TAVI vs SAVR は年齢だけで決まらない
TAVI vs SAVRの決定において年齢は重要だが、それ自体が答えではない。年齢が何の代替指標であるかを理解することで、ハートチームの判断がより明確になる。
AS介入ナビゲーターが80歳患者でTAVIを示唆しても、それは年齢だけが理由ではない。年齢はいくつかの臨床的要因の代替指標として機能している。
要点
年齢が重要なのは、余命・虚弱度・外科的リスクと相関するからだ——しかしこれらはどれも年齢と同義ではない。ハートチームは解剖・アクセス・戦略を総合して評価する。
要点まとめ
- 年齢は重要な入力値だが、余命・虚弱度・生理的予備能の代替指標だ。
- 大腿動脈アクセスの実行可能性はTAVIの標準的な手術リスク優位性の前提条件。
- 虚弱度は年齢とは独立した転帰予測因子——年齢やSTS スコアよりも強いことがある。
- SAVRは依然として高い有効性を持つ——適切な患者では「より困難な選択肢」ではなく「正しい選択」だ。
- ハートチームが存在するのは、答えが一目瞭然でないことが多いからだ。
このページを使う場面
AS介入ナビゲーターからTAVI・SAVR・ハートチームによる検討というフラグが立ち、年齢が考慮されているが唯一の決定要因にはなっていない理由を知りたい。
年齢は重要だ——しかし何の代わりに立っているのか
主要なランダム化試験(PARTNER・SURTAVI等)では、低〜中等リスク患者においてTAVIとSAVRは短期的に同等の転帰を示し、高リスク・極高リスク患者ではTAVIが優位だった。
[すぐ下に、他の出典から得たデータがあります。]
(* Let $a>0$, $\alpha>0$, $b\ge 0$, $\sigma^2>0$ and $n>0$ be real numbers. For $s\in(0,n)$ let $V_{\mathrm{FT+PPI}}(s)=\frac{a s^{-\alpha}+b}{n-s}$ and $V_{\mathrm{mean}}=\sigma^2/n$, and define $$q(s)=\sigma^2(n-s)-n\big(a s^{-\alpha}+b\big),\qquad s\in(0,n).$$ Then: (i) there exists $s\in(0,n)$ with $V_{\mathrm{FT+PPI}}(s)<V_{\mathrm{mean}}$ if and only if $\sup_{s\in(0,n)} q(s)>0$; (ii) $q$ is strictly concave on $(0,\infty)$, and there exists $s\in(0,n)$ with $V_{\mathrm{FT+PPI}}(s)<V_{\mathrm{mean}}$ if and only if $$\frac{b}{\sigma^2}<1-\Big(1+\frac1\alpha\Big)\Big(\frac{a\alpha n^{-\alpha}}{\sigma^2}\Big)^{1/(\alpha+1)}.$$
   Context: Interpretation: $\sigma^2=\mathrm{Var}(Y)$; the residual variance of a predictor fine-tuned on $s$ labeled samples is assumed to follow the scaling law $\mathrm{Var}(Y-f^{(s)}(X))=a s^{-\alpha}+b$; in the regime of infinitely many unlabeled samples the prediction-powered estimator using the remaining $n-s$ labeled samples has variance $V_{\mathrm{FT+PPI}}(s)$, while the sample mean of all $n$ labeled samples has variance $V_{\mathrm{mean}}$. *)

From mathcomp Require Import all_boot all_order all_algebra.
From mathcomp Require Import all_classical all_reals all_analysis.
Set Implicit Arguments. Unset Strict Implicit. Unset Printing Implicit Defensive.
Import Order.TTheory GRing.Theory Num.Theory.
Local Open Scope ring_scope.
Local Open Scope classical_set_scope.

Definition V_FTPPI (R : realType) (a alpha b n s : R) : R :=
  (a * s `^ (- alpha) + b) / (n - s).

Definition V_mean (R : realType) (sigma2 n : R) : R := sigma2 / n.

Definition qfun (R : realType) (sigma2 a alpha b n s : R) : R :=
  sigma2 * (n - s) - n * (a * s `^ (- alpha) + b).

Definition strictly_concave_on (R : realType) (D : set R) (f : R -> R) : Prop :=
  forall x y t : R, D x -> D y -> x != y -> 0 < t -> t < 1 ->
    t * f x + (1 - t) * f y < f (t * x + (1 - t) * y).

From mathcomp Require Import all_boot all_order all_algebra.
From mathcomp Require Import all_classical all_reals all_analysis.
From mathcomp Require Import ring lra.
Set Implicit Arguments.
Unset Strict Implicit.
Unset Printing Implicit Defensive.
Import Order.TTheory GRing.Theory Num.Theory.
Local Open Scope ring_scope.
Local Open Scope classical_set_scope.

(* Since n - s > 0, V_FTPPI(s) < V_mean is equivalent to q(s) > 0.  By the
   Bernoulli inequality u^-alpha > 1 - alpha (u - 1), the map s |-> s^-alpha
   lies strictly above its tangent lines, so q lies strictly below its own and
   is strictly concave.  The tangent of q is horizontal at s = n r, where
   r^(alpha+1) = a alpha n^-alpha / sigma^2, so max q = q(n r) =
   n ((1 - (1 + 1/alpha) r) sigma^2 - b); when this is positive, r < 1 and the
   maximiser n r lies in (0, n). *)

Section Generic.
Variable R : realType.

Lemma lt_sup_iff (S : set R) (x : R) :
  has_sup S -> x < sup S <-> exists2 y, S y & x < y.
Proof.
move=> supS; split; first exact: sup_gt (proj1 supS).
by move=> [y Sy /lt_le_trans]; apply; apply: sup_upper_bound.
Qed.

Lemma strictly_concave_on_lt_tangent (D : set R) (f f' : R -> R) :
  (forall x y t, D x -> D y -> 0 < t < 1 -> D (t * x + (1 - t) * y)) ->
  (forall x z, D x -> D z -> x != z -> f x < f z + f' z * (x - z)) ->
  strictly_concave_on D f.
Proof.
move=> convD tangent x y t Dx Dy xy t0 t1.
set z := t * x + (1 - t) * y.
have t1' : 0 < 1 - t by rewrite subr_gt0.
have Dz : D z by apply: convD => //; rewrite t0 t1.
have xz : x != z.
  rewrite -subr_eq0 (_ : x - z = (1 - t) * (x - y)); last by rewrite /z; ring.
  by apply: mulf_neq0; [rewrite gt_eqF | rewrite subr_eq0].
have yz : y != z.
  rewrite -subr_eq0 (_ : y - z = t * (y - x)); last by rewrite /z; ring.
  by apply: mulf_neq0; [rewrite gt_eqF | rewrite subr_eq0 eq_sym].
have := tangent x z Dx Dz xz; rewrite -(ltr_pM2l t0) => ltx.
have := tangent y z Dy Dz yz; rewrite -(ltr_pM2l t1') => lty.
have -> : f z = t * (f z + f' z * (x - z)) + (1 - t) * (f z + f' z * (y - z)).
  by rewrite /z; ring.
exact: ltrD.
Qed.

Lemma ln_lt_subr1 (u : R) : 0 < u -> u != 1 -> ln u < u - 1.
Proof.
move=> u0 u1; have lnu0 : ln u != 0.
  by apply: contra u1 => /eqP lnu0; rewrite -[u]lnK ?posrE // lnu0 expR0.
by have := expR_gt1Dx lnu0; rewrite lnK ?posrE //; lra.
Qed.

Lemma powRN_gt_bernoulli (alpha u : R) : 0 < alpha -> 0 < u -> u != 1 ->
  1 - alpha * (u - 1) < u `^ (- alpha).
Proof.
move=> alpha0 u0 u1; rewrite /powR gt_eqF //.
apply: lt_le_trans (expR_ge1Dx _); rewrite mulNr ltrD2l ltrN2.
by rewrite ltr_pM2l // ln_lt_subr1.
Qed.

Lemma powRN_gt_tangent (alpha x z : R) : 0 < alpha -> 0 < x -> 0 < z ->
  x != z -> z `^ (- alpha) * (1 - alpha * (x / z - 1)) < x `^ (- alpha).
Proof.
move=> alpha0 x0 z0 xz.
have -> : x `^ (- alpha) = z `^ (- alpha) * (x / z) `^ (- alpha).
  by rewrite -powRM ?(ltW z0) ?divr_ge0 ?ltW // mulrC divfK ?gt_eqF.
rewrite ltr_pM2l ?powR_gt0 //; apply: powRN_gt_bernoulli; rewrite ?divr_gt0 //.
by apply: contra xz => /eqP xz1; rewrite -[x](divfK (lt0r_neq0 z0)) xz1 mul1r.
Qed.

End Generic.

Section FineTuningTradeoff.
Variables (R : realType) (a alpha b sigma2 n : R).
Hypotheses (ha : 0 < a) (halpha : 0 < alpha) (hb : 0 <= b)
  (hsigma2 : 0 < sigma2) (hn : 0 < n).

Local Notation q := (qfun sigma2 a alpha b n).

Lemma V_FTPPI_lt_V_mean (s : R) : 0 < s < n ->
  V_FTPPI a alpha b n s < V_mean sigma2 n <-> 0 < q s.
Proof.
move=> /andP[_ sn]; rewrite /V_FTPPI /V_mean /qfun.
rewrite ltr_pdivrMr ?subr_gt0 // mulrAC ltr_pdivlMr //.
by split=> ?; lra.
Qed.

Lemma exists_V_FTPPI_lt_V_mean_iff :
  (exists s, 0 < s < n /\ V_FTPPI a alpha b n s < V_mean sigma2 n) <->
  (exists s, 0 < s < n /\ 0 < q s).
Proof.
by split=> -[s [sn lt]]; exists s; have := V_FTPPI_lt_V_mean sn; tauto.
Qed.

Lemma qfun_ub (s : R) : 0 < s -> q s <= sigma2 * n.
Proof.
move=> s0; rewrite /qfun.
have : 0 <= n * (a * s `^ (- alpha) + b).
  by rewrite mulr_ge0 ?addr_ge0 ?mulr_ge0 ?powR_ge0 ?(ltW hn) ?(ltW ha).
have : 0 <= sigma2 * s by rewrite mulr_ge0 ?(ltW hsigma2) ?(ltW s0).
lra.
Qed.

Lemma has_sup_qfun : has_sup [set q s | s in `]0, n[].
Proof.
split.
  exists (q (n / 2)), (n / 2) => //=.
  by rewrite in_itv /= divr_gt0 //= ltr_pdivrMr // ltr_pMr // ltr1n.
by exists (sigma2 * n) => _ [s /= /[!in_itv] /= /andP[s0 _] <-]; apply: qfun_ub.
Qed.

Lemma sup_qfun_gt0_iff :
  0 < sup [set q s | s in `]0, n[] <-> exists s, 0 < s < n /\ 0 < q s.
Proof.
rewrite lt_sup_iff; last exact: has_sup_qfun.
split=> [[_ [s /= /[!in_itv] /= sn <-] qs0]|[s [sn qs0]]]; first by exists s.
by exists (q s) => //; exists s; rewrite //= in_itv.
Qed.

Definition qfun_slope (z : R) := n * alpha * (a * z `^ (- alpha)) / z - sigma2.

Lemma qfun_lt_tangent (x z : R) : 0 < x -> 0 < z -> x != z ->
  q x < q z + qfun_slope z * (x - z).
Proof.
move=> x0 z0 xz; have := powRN_gt_tangent halpha x0 z0 xz.
rewrite -(ltr_pM2l (mulr_gt0 hn ha)) /qfun /qfun_slope.
have -> : x / z - 1 = (x - z) / z by field; rewrite gt_eqF.
lra.
Qed.

Lemma qfun_le_tangent (x z : R) : 0 < x -> 0 < z ->
  q x <= q z + qfun_slope z * (x - z).
Proof.
move=> x0 z0; have [->|xz] := eqVneq x z; first by rewrite subrr mulr0 addr0.
exact/ltW/qfun_lt_tangent.
Qed.

Lemma qfun_strictly_concave : strictly_concave_on `]0, +oo[ q.
Proof.
apply: (strictly_concave_on_lt_tangent (f' := qfun_slope)).
  move=> x y t /= /[!in_itv] /= /andP[x0 _] /andP[y0 _] /andP[t0 t1].
  by rewrite andbT addr_gt0 // mulr_gt0 // subr_gt0.
by move=> x z /= /[!in_itv] /= /andP[x0 _] /andP[z0 _]; apply: qfun_lt_tangent.
Qed.

Let c := a * alpha * n `^ (- alpha) / sigma2.
Let r := c `^ ((alpha + 1)^-1).

Let c_gt0 : 0 < c.
Proof. by rewrite divr_gt0 // !mulr_gt0 // powR_gt0. Qed.

Let r_gt0 : 0 < r.
Proof. exact: powR_gt0. Qed.

Lemma mul_powRN_opt : a * (n * r) `^ (- alpha) = sigma2 * r / alpha.
Proof.
have r_powRD1 : r `^ alpha * r = c.
  rewrite -{2}[r]powRr1 ?ltW // -powRD; last by rewrite (gt_eqF r_gt0) implybT.
  by rewrite -powRrM mulVf ?powRr1 ?ltW // gt_eqF // ltr_wpDl // ltW.
have -> : (n * r) `^ (- alpha) = n `^ (- alpha) * r / c.
  rewrite powRM ?ltW // (powRN r) -r_powRD1.
  by field; rewrite !gt_eqF ?powR_gt0.
by rewrite /c; field; rewrite !gt_eqF ?powR_gt0.
Qed.

Lemma qfun_slope_opt : qfun_slope (n * r) = 0.
Proof.
by rewrite /qfun_slope mul_powRN_opt; field; rewrite !gt_eqF.
Qed.

Lemma qfun_opt : q (n * r) = n * ((1 - (1 + alpha^-1) * r) * sigma2 - b).
Proof. by rewrite /qfun mul_powRN_opt; field; rewrite gt_eqF. Qed.

Lemma qfun_le_opt (s : R) : 0 < s -> q s <= q (n * r).
Proof.
move=> s0; have := qfun_le_tangent s0 (mulr_gt0 hn r_gt0).
by rewrite qfun_slope_opt mul0r addr0.
Qed.

Lemma exists_qfun_gt0_iff :
  (exists s, 0 < s < n /\ 0 < q s) <-> b / sigma2 < 1 - (1 + alpha^-1) * r.
Proof.
have r_le : r <= (1 + alpha^-1) * r by rewrite ler_peMl ?lerDl ?invr_ge0 ?ltW.
rewrite ltr_pdivrMr //; split.
  move=> [s [/andP[s0 _] qs0]]; have := lt_le_trans qs0 (qfun_le_opt s0).
  by rewrite qfun_opt pmulr_rgt0 // subr_gt0.
move=> hopt; exists (n * r); split; last by rewrite qfun_opt pmulr_rgt0 // subr_gt0.
have : 0 < 1 - (1 + alpha^-1) * r.
  by rewrite -(pmulr_lgt0 _ hsigma2); apply: le_lt_trans hb hopt.
by rewrite mulr_gt0 // gtr_pMr //; lra.
Qed.

End FineTuningTradeoff.

Theorem proposition3 (R : realType) (a alpha b sigma2 n : R)
  (ha : 0 < a) (halpha : 0 < alpha) (hb : 0 <= b) (hsigma2 : 0 < sigma2)
  (hn : 0 < n) :
  ((exists s : R, 0 < s < n /\ V_FTPPI a alpha b n s < V_mean sigma2 n) <->
     0 < sup [set qfun sigma2 a alpha b n s | s in `]0, n[]) /\
  (strictly_concave_on `]0, +oo[ (qfun sigma2 a alpha b n) /\
   ((exists s : R, 0 < s < n /\ V_FTPPI a alpha b n s < V_mean sigma2 n) <->
     b / sigma2 < 1 - (1 + alpha^-1) *
        ((a * alpha * n `^ (- alpha)) / sigma2) `^ ((alpha + 1)^-1))).
Proof.
rewrite exists_V_FTPPI_lt_V_mean_iff //.
split; first by rewrite sup_qfun_gt0_iff.
split; first exact: qfun_strictly_concave.
exact: exists_qfun_gt0_iff.
Qed.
年齢はすべての試験で一貫した転帰予測因子だった——しかしそれは主に、高齢患者の余命が短く、虚弱度が高く、開心術とその回復に耐える生理的予備能が乏しいためだ。65歳の年齢と82歳の年齢は臨床的に全く異なる意味を持つ。
余命と弁の耐久性
TAVI弁の耐久性に関する10年超のデータはほとんどの集団で不確実なままだ。これは余命が限られた83歳患者には大きな問題ではないが、62歳の患者には非常に重大だ。TAVI弁の耐久性を超えて生きる患者は再介入が必要になる可能性がある——valve-in-valve TAVIが将来可能かどうかは、初回弁の内径に依存する。SAVRで置換した生体弁や機械弁の方が、数十年先の患者にとって耐久性の点で優位だ。
大腿動脈アクセスが計算を変える
高リスク患者でのTAVIの大きな優位性は大腿動脈アクセスで実証された。代替アクセス——心尖部・大動脈・transcaval——は合併症率が高く、そもそもTAVIを魅力的にしていた手術リスクの優位性が消える可能性がある。高齢患者でTAVIをデフォルトとする前に、大腿動脈アクセスの実行可能性を確認することが不可欠だ。
虚弱度は年齢と同じではない
虚弱度——Clinical Frailty Scale等で正式評価するか、歩行速度・握力・ADLで非公式に評価する——は多くの集団でSTS スコアより強い術後転帰予測因子だ。虚弱な75歳は、元気な80歳より転帰が悪い場合がある。TAVIの低い手術負担は、正確な年齢を問わず虚弱患者で特に有利だ。
ハートチームが存在する理由
ACC/AHA VHD 2020はほとんどのAVR決定でハートチームによる評価を推奨している。これは官僚的な慎重さではない——解剖・生理・患者価値観・施設経験・生涯戦略を一つの推奨にまとめることの本質的な複雑さを反映している。ツールが「ハートチームへ」を示しても、それは決断の失敗ではなく、適切な臨床プロセスだ。
よくある間違い
TAVIを「高齢者のための簡単な選択肢」、SAVRを「若年者のための正しい選択肢」として位置づけること。どちらの手技にも適応・リスク・トレードオフがある。問いは、この患者の解剖・生理・価値観・予測される軌跡にどちらが適合するか、だ。